Cardiac function, including left ventricular ejection fraction, was similar across treatment groups (appendix pp 29–30). At the termination visit, 15 (12%) of 130 patients from the doxorubicin plus evofosfamide group versus 13 (9%) of 144 patients from the doxorubicin alone group had a decrease in left ventricular ejection fraction of 10% or more, resulting in a left ventricular ejection fraction of less than 55%. The use of a cardiac protectant (eg, dexrazoxane) was generally site specific and when provided was generally given in both treatment groups.
No grade 3 increases in serum creatinine occurred and the overall grade 2 incidence was only 2% (ten of 621 patients). Glomerular filtration rates were calculated through all treatment cycles and no differences were recorded between treatment groups.
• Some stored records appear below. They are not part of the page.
Lemma linexts_sum S : (S \in linexts (sum_rel leP leQ)) =
  (lefts S \in linexts leP) && (rights S \in linexts leQ).
Proof. by rewrite !mem_linexts perm_enum_sum is_linext_sum andbACA. Qed.

End SumPoset.

Lemma partition_big_seq (R : nmodType) (I J : eqType) (r : seq I) (rJ : seq J)
    (p : pred I) (g : I -> J) (F : I -> R) :
  uniq rJ -> {in r, forall i, p i -> g i \in rJ} ->
  \sum_(i <- r | p i) F i = \sum_(j <- rJ) \sum_(i <- r | p i && (g i == j)) F i.
Proof.
move=> uniq_rJ g_in; under [RHS]eq_bigr do rewrite big_mkcond.
rewrite exchange_big big_mkcond !big_seq; apply: eq_bigr => i i_r /=.
case: ifP => [p_i | _]; last by rewrite big1.
rewrite -big_mkcond -big_filter /=.
have -> : [seq j <- rJ | g i == j] = [:: g i].
  rewrite -(filter_pred1_uniq uniq_rJ (g_in i i_r p_i)).
  by apply: eq_filter => j /=; rewrite eq_sym.
by rewrite big_seq1.
Qed.

Section SumLinexts.
Variables (P Q : finType) (leP : rel P) (leQ : rel Q) (s : P).

Lemma perm_linexts_sum_end σ τ :
    rcons σ s \in linexts leP -> τ \in linexts leQ ->
  perm_eq [seq S <- linexts (sum_rel leP leQ) |
             [&& last (inl s) S == inl s, lefts S == rcons σ s & rights S == τ]]
          [seq rev (inl s :: r) | r <- shuffle (map inl (rev σ)) (map inr (rev τ))].
Proof.
move=> σ_ext τ_ext; apply: uniq_perm.
- by rewrite filter_uniq ?uniq_linexts.
- by rewrite map_inj_uniq ?uniq_shuffle_sum // => r1 r2 /(can_inj revK) [].
move=> S; rewrite mem_filter (map_comp rev (cons (inl s))).
rewrite -[S in RHS]revK (mem_map (can_inj revK)).
case/lastP: S => [|S x].
  by rewrite /= eq_sym -size_eq0 size_rcons andbF; apply/esym/mapP => -[].
rewrite rev_rcons mem_map_cons mem_shuffle_sum lefts_rev rights_rev !(inj_eq (can_inj revK)).
rewrite last_rcons linexts_sum lefts_rcons rights_rcons.
case: eqP => [-> | _] //=; rewrite eqseq_rcons eqxx andbT.
by case: eqP => [-> | _]; case: eqP => [-> | _]; rewrite ?σ_ext ?τ_ext ?andbF.
Qed.

Variable lab : (P + Q)%type -> nat.
Hypotheses (lab_inj : injective lab) (lab_top : forall t, (lab (inr t) < lab (inl s))%N).

Lemma sum_linexts_sum_end σ τ :
    rcons σ s \in linexts leP -> τ \in linexts leQ ->
  \sum_(S <- linexts (sum_rel leP leQ) |
         [&& last (inl s) S == inl s, lefts S == rcons σ s & rights S == τ]) 'X^(maj lab S)
  = qbin (size σ + size τ) (size σ)
    * 'X^(maj (lab \o inl) (rcons σ s)) * 'X^(maj (lab \o inr) τ).
Proof.
move=> σ_ext τ_ext.
rewrite -big_filter (perm_big _ (perm_linexts_sum_end σ_ext τ_ext)) big_map.
under eq_bigr do rewrite maj_rev revK map_cons.
rewrite -(big_map (map lab) xpredT (fun r => 'X^(rmaj (lab (inl s) :: r)))) -map_shuffle.
rewrite sum_shuffle_rmaj; last first.
  rewrite -map_cat -map_cons (map_inj_uniq lab_inj) -cat_cons -map_cons cat_uniq.
  rewrite !(map_inj_uniq inl_inj, map_inj_uniq inr_inj) -rev_rcons !rev_uniq.
  rewrite (linext_uniq σ_ext) (linext_uniq τ_ext) andbT /=.
  by apply/hasPn => _ /mapP[t _ ->]; apply/mapP => -[].
have top_τ :
    rmaj (lab (inl s) :: map lab (map inr (rev τ))) = rmaj (map (lab \o inr) (rev τ)).
  rewrite -map_comp; case: (rev τ) => [|t r] //.
  by rewrite map_cons rmaj_cons2 ltnNge (ltnW (lab_top t)) muln0 addn0.
by rewrite top_τ !size_map !size_rev -mulrA -exprD !maj_rev rev_rcons /= -map_comp.
Qed.

Lemma sum_linexts_sum_fiber σ τ : σ \in linexts leP -> τ \in linexts leQ ->
  \sum_(S <- linexts (sum_rel leP leQ) |
         (last (inl s) S == inl s) && ((lefts S, rights S) == (σ, τ))) 'X^(maj lab S)
  = (if last s σ == s then qbin (#|P|.-1 + #|Q|) #|P|.-1 * 'X^(maj (lab \o inl) σ) else 0)
    * 'X^(maj (lab \o inr) τ).
Proof.
move=> σ_ext τ_ext; case: eqP => [σ_end | σ_not_end]; last first.
  rewrite mul0r big1 // => S /andP[/eqP/last_lefts S_end /eqP[lefts_S _]].
  by rewrite -lefts_S in σ_not_end.
under eq_bigl do rewrite xpair_eqE.
have P_gt0 : (0 < #|P|)%N by apply/card_gt0P; exists s.
rewrite -(size_linexts σ_ext) -(size_linexts τ_ext).
move: σ_ext σ_end P_gt0; case/lastP: σ => [σ_ext _ | σ x].
  by rewrite -(size_linexts σ_ext).
rewrite last_rcons size_rcons => σ_ext x_s _; subst x.
exact: sum_linexts_sum_end.
Qed.

Theorem emaj_end_sum_rel : emaj_end (sum_rel leP leQ) lab (inl s) =
  qbin (#|P|.-1 + #|Q|) #|P|.-1 * emaj_end leP (lab \o inl) s * emaj leQ (lab \o inr).
Proof.
rewrite /emaj_end /emaj (partition_big_seq (g := fun S => (lefts S, rights S))
  (rJ := [seq (σ, τ) | σ <- linexts leP, τ <- linexts leQ])); first last.
- by move=> S; rewrite linexts_sum => /andP[σ_ext τ_ext] _; apply: allpairs_f.
- by rewrite allpairs_uniq ?uniq_linexts // => -[? ?] [? ?] _ _ [-> ->].
rewrite big_allpairs [in RHS]big_mkcond -mulrA big_distrlr big_distrr /= !big_seq.
apply: eq_bigr => σ σ_ext; rewrite big_distrr !big_seq; apply: eq_bigr => τ τ_ext.
by rewrite sum_linexts_sum_fiber //= mulrA; case: ifP; rewrite ?mulr0.
Qed.

End SumLinexts.

Theorem corollary3p5 (P Q : finType) (leP : rel P) (leQ : rel Q)
  (n : nat) (omega : (P + Q)%type -> 'I_n) (s : P) :
  is_poset leP -> is_poset leQ -> bijective omega ->
  (forall t : Q, (val (omega (inr t)) < val (omega (inl s)))%N) ->
  emaj_end (sum_rel leP leQ) (fun x => val (omega x)) (inl s) =
    qbinom n.-1 (#|P|.-1)
    * emaj_end leP (std (fun x : P => val (omega (inl x)))) s
    * emaj leQ (std (fun x : Q => val (omega (inr x)))).
Proof.
move=> _ _ omega_bij omega_top.
have omega_inj : injective (fun x => val (omega x)).
  by move=> x y /val_inj/(bij_inj omega_bij).
have card_n : n = (#|P| + #|Q|)%N.
  by rewrite -card_sum (bij_eq_card omega_bij) card_ord.
have P_gt0 : (0 < #|P|)%N by apply/card_gt0P; exists s.
have -> : n.-1 = (#|P|.-1 + #|Q|)%N by rewrite card_n; lia.
rewrite emaj_std emaj_end_std qbinomE ?leq_addr //.
exact: emaj_end_sum_rel.
Qed.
More patients in the doxorubicin plus evofosfamide group had at least one serious adverse event compared with the doxorubicin alone group (145 [46%] of 313 patients vs 99 [32%] of 308; appendix p 28). In the doxorubicin plus evofosfamide group, 96 (31%) of 313 patients had a serious adverse event that was assessed as related to evofosfamide and 100 (32%) of 313 patients had a serious adverse event that was assessed as related to doxorubicin. In the doxorubicin group, 58 (19%) of 308 patients had a serious adverse event that was assessed as related to doxorubicin. Most serious adverse events were haematological toxicities, with the most common in the doxorubicin group and the combination group being febrile neutropenia (27 [9%] of 308 patients vs 56 [18%] of 313) and anaemia (ten [3%] of 308 patients vs 19 [6%] of 313).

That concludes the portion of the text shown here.